Не только стычки с племенами бедуинов и с мамлюками досаждали французам, но и враждебное отношение жителей городов и деревень. Догеро в своем дневнике отмечает, что крестьяне не хотели давать французам ни воду, ни еду даже за деньги: «Мы не смогли испить воды из болотца, находившегося неподалеку от деревни и имевшего трупный запах. Местные жители не хотели даже за золото нас туда отвести. Они нам казались настолько подозрительными, что мы даже направили пушки на их жилища, чтобы их припугнуть»{504}
; «Там, как и в других деревнях, которые мы проходили, мы могли достать пропитание только угрозой кары и за деньги. Но население пренебрегало нашими деньгами... они были злобными и убивали французов, если те шли поодиночке»{505}. Часто в дневниках упоминается о массовом бегстве крестьян, с семьями, скотом и продовольствием при приближении французских войск, о чем писал Пуссьельг в отчете Директории{506}.Немусульманское население относилось к французам в целом более доброжелательно и сотрудничало с ними активнее. Впрочем, и мусульманам приходилось так или иначе взаимодействовать с завоевателями, потому как они прекрасно знали, что сопротивление чревато расправой: в своих прокламациях Бонапарт прямо предупреждал об этом. Первая же прокламация содержала следующие слова: «Да будут дважды благословлены те жители Египта, которые перейдут на нашу сторону, - их положение улучшится, и они повысятся в чинах.
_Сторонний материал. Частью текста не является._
(* Suppose that $R$ has both $\mathbf{x}$-vertices and $\mathbf{y}$-vertices. If $(x^1,y^1)$ is a $\mathbf{y}$-vertex of $R$, then there exists an $\mathbf{x}$-vertex $(x',y')$ of $R$ such that \[ d_R((x^1,y^1),(x',y'))\le d(\bar A)+d(Q_B)+1. \]
   Context: Let $A\in\mathbb{R}^{m_1\times n_1}$, nonzero $a\in\mathbb{R}^{1\times n_1}$, nonzero $b\in\mathbb{R}^{1\times n_2}$, $B\in\mathbb{R}^{m_2\times n_2}$, $c_A\in\mathbb{R}^{m_1}$, $c_B\in\mathbb{R}^{m_2}$, $c_a,c_b\in\mathbb{R}$, and $R=\{(x,y)\in\mathbb{R}^{n_1}\times\mathbb{R}^{n_2}: Ax=c_A,\ ax+by=c_a+c_b,\ By=c_B,\ x,y\ge 0\}$. Assume $R$ is simple (nondegenerate). Let $P_A=\{x: Ax=c_A, x\ge 0\}$, $Q_B=\{y: By=c_B, y\ge 0\}$ and $\bar A=\begin{bmatrix}A\\ a\end{bmatrix}$. A vertex $(x,y)$ of $R$ is an $\mathbf{x}$-vertex if $x$ is a vertex of $P_A$, and a $\mathbf{y}$-vertex if $y$ is a vertex of $Q_B$. $d_R(v,w)$ is the minimum number of edges of an edge walk in $R$ from $v$ to $w$. For a polyhedron $P$, $d(P)$ is its combinatorial diameter, and for a matrix $M\in\mathbb{R}^{m\times n}$, $d(M):=\max\{d(\{z: Mz=r, z\ge 0\}): r\in\mathbb{R}^m\}$. *)

From HB Require Import structures.
From mathcomp Require Import all_boot all_order all_algebra.
From mathcomp Require Import reals.
Set Implicit Arguments. Unset Strict Implicit. Unset Printing Implicit Defensive.
Import Order.TTheory GRing.Theory Num.Theory.
Local Open Scope ring_scope.

Section Poly.
Variable R : realType.

Definition dotp n (c : 'rV[R]_n) (z : 'cV[R]_n) : R := \sum_(i < n) c 0 i * z i 0.

Definition std_poly m n (M : 'M[R]_(m, n)) (r : 'cV[R]_m) : 'cV[R]_n -> Prop :=
  fun z => M *m z = r /\ forall i, 0 <= z i 0.

Definition is_vertex n (P : 'cV[R]_n -> Prop) (z : 'cV[R]_n) : Prop :=
  P z /\ exists (c : 'rV[R]_n) (delta : R),
    (forall y, P y -> dotp c y <= delta) /\
    (forall y, P y -> (dotp c y = delta <-> y = z)).

Definition adjacent n (P : 'cV[R]_n -> Prop) (v w : 'cV[R]_n) : Prop :=
  is_vertex P v /\ is_vertex P w /\ v <> w /\
  exists (c : 'rV[R]_n) (delta : R),
    (forall y, P y -> dotp c y <= delta) /\
    (forall y, P y -> (dotp c y = delta <->
        exists t : R, 0 <= t <= 1 /\ y = t *: v + (1 - t) *: w)).

Fixpoint walk_le n (P : 'cV[R]_n -> Prop) (k : nat) (v w : 'cV[R]_n) : Prop :=
  match k with
  | O => v = w
  | k'.+1 => v = w \/ exists u, adjacent P v u /\ walk_le P k' u w
  end.

Definition diam_le n (P : 'cV[R]_n -> Prop) (k : nat) : Prop :=
  forall v w, is_vertex P v -> is_vertex P w -> walk_le P k v w.

(* d(M) <= k : every polyhedron {z : M z = r, z >= 0} has diameter at most k *)
Definition mx_diam_le m n (M : 'M[R]_(m, n)) (k : nat) : Prop :=
  forall r : 'cV[R]_m, diam_le (std_poly M r) k.

Definition std_nondegenerate m n (M : 'M[R]_(m, n)) (r : 'cV[R]_m) : Prop :=
  forall z, is_vertex (std_poly M r) z -> #|[set i : 'I_n | z i 0 != 0]| = \rank M.

(* the constraint matrix / right-hand side of R, variables z = (x ; y) *)
Definition Rmat m1 n1 m2 n2 (A : 'M[R]_(m1, n1)) (a : 'rV[R]_n1)
  (b : 'rV[R]_n2) (B : 'M[R]_(m2, n2)) : 'M[R]_(m1 + (1 + m2), n1 + n2) :=
  col_mx (row_mx A 0) (col_mx (row_mx a b) (row_mx 0 B)).

Definition Rrhs m1 m2 (cA : 'cV[R]_m1) (ca cb : R) (cB : 'cV[R]_m2)
  : 'cV[R]_(m1 + (1 + m2)) :=
  col_mx cA (col_mx (const_mx (ca + cb)) cB).
(* Let $q$ be a power of $2$. In $\mathrm{AG}(3,q^2)$ with affine coordinates $x,y,z$ and plane at infinity $\Sigma_\infty$, let $\mathcal H$ be the Hermitian surface $z^q+z=x^{q+1}+y^{q+1}$ and let $\mathcal Q$ be a hyperbolic quadric with affine equation $z=ax^2+by^2+cxy+dx+ey+f$, $a,\dots,f\in\mathrm{GF}(q^2)$, such that $\mathcal C_\infty=\mathcal Q\cap\mathcal H\cap\Sigma_\infty$ is the union of two lines. Let $\Xi_\infty$ be the quadric of $\mathrm{PG}(3,q)$ defined below. If $\Xi_\infty$ has rank $2$, then $\Xi_\infty$ is the union of two planes $\Pi_1\cup\Pi_2$ both defined over $\mathrm{GF}(q)$.
   Context: Fix $\nu\in\mathrm{GF}(q)\setminus\{1\}$ with absolute trace $\mathrm{Tr}_q(\nu)=\nu+\nu^2+\dots+\nu^{q/2}=1$, and $\varepsilon\in\mathrm{GF}(q^2)\setminus\mathrm{GF}(q)$ with $\varepsilon^2+\varepsilon+\nu=0$. Write each $t\in\mathrm{GF}(q^2)$ as $t=t_0+t_1\varepsilon$ with $t_0,t_1\in\mathrm{GF}(q)$ (so $a=a_0+a_1\varepsilon$, $b=b_0+b_1\varepsilon$, $c=c_0+c_1\varepsilon$, etc.). $\Xi_\infty$ is the quadric of $\mathrm{PG}(3,q)$ in coordinates $(x_0,x_1,y_0,y_1)$ with equation $(a_1+1)x_0^2+x_0x_1+[a_0+(1+\nu)a_1+\nu]x_1^2+(b_1+1)y_0^2+y_0y_1+[b_0+(1+\nu)b_1+\nu]y_1^2+c_1x_0y_0+(c_0+c_1)x_0y_1+(c_0+c_1)x_1y_0+[c_0+(1+\nu)c_1]x_1y_1=0.$ The rank of a quadric is the minimum number of indeterminates appearing in an equation for it under projective changes of coordinates. *)

From HB Require Import structures.
From mathcomp Require Import all_boot all_order all_algebra.
Set Implicit Arguments. Unset Strict Implicit. Unset Printing Implicit Defensive.
Import Order.TTheory GRing.Theory.
Local Open Scope ring_scope.

Definition abs_trace (F : nzRingType) (h : nat) (x : F) : F :=
  \sum_(i < h) x ^+ (2 ^ i).

(* A quadratic form in n variables is represented by a matrix A, with
   Q(v) = v A v^T = sum_(i,j) A i j v_i v_j.  Its polynomial coefficients
   (coefficient of v_i v_j for i <= j) are given by qf_coef A. *)
Definition qf_coef (R : comNzRingType) (n : nat) (A : 'M[R]_n) : 'M[R]_n :=
  \matrix_(i, j) (if i == j then A i i
                  else if (i < j)%N then A i j + A j i else 0).

(* Projective change of coordinates v = w M transforms A into M A M^T. *)
Definition qf_change (R : comNzRingType) (n : nat) (M A : 'M[R]_n) : 'M[R]_n :=
  M *m A *m M^T.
Да будут благословлены также те, кто останутся у себя дома и не присоединятся ни к одной из воюющих сторон. Когда они нас узнают лучше, они поспешат стать на нашу сторону от всего сердца. Но горе, горе тем, которые станут на сторону мамлюков и будут сражаться против нас. Не найдут они после этого пути к спасенью и бесследно исчезнут»{507}
.Французы заключали мирные соглашения с отдельными племенами бедуинов, организовывали в населенных пунктах администрацию с участием местных жителей. В то же время французское командование предписывало солдатам уважать традиции страны. В дневниках нередко встречаются упоминания и о том, что жители того или иного населенного пункта хорошо отнеслись к французам, и это действительно могло иметь место{508}
. Тем не менее основным стимулом для египтян, если не дружить с французами, то хотя бы сохранять нейтралитет, была не благодарность «освободителям», как утверждала наполеоновская пропаганда, а страх. В воздухе постоянно витала враждебность. Восстания против оккупантов, когда ненависть оказывалась сильнее страха, свидетельствовали об этом, поэтому и сами участники экспедиции не строили иллюзий по поводу подлинного отношения к себе египтян. Так, Догеро писал, что во время похода из Каира в Александрию жители местечка эль-Менаир «отнеслись с большим почтением к нам, что не является обычным обращением этих господ с заблудившимися путниками»{509}. Портной Бернуае отмечает, как изменилось настроение населения после взятия французами Каира: «За последние несколько дней я заметил изменения в отношении турок (здесь - мусульман.Свидетельства того, что именно страх удерживал местное население от стычек с французами, встречается и у ученых. Так, инженер Жоллуа отмечает, что, когда кавалькада французов отправилась к пирамидам, египтяне вышли из домов, однако не тревожили французов и были покорны, потому что боялись их{514}
.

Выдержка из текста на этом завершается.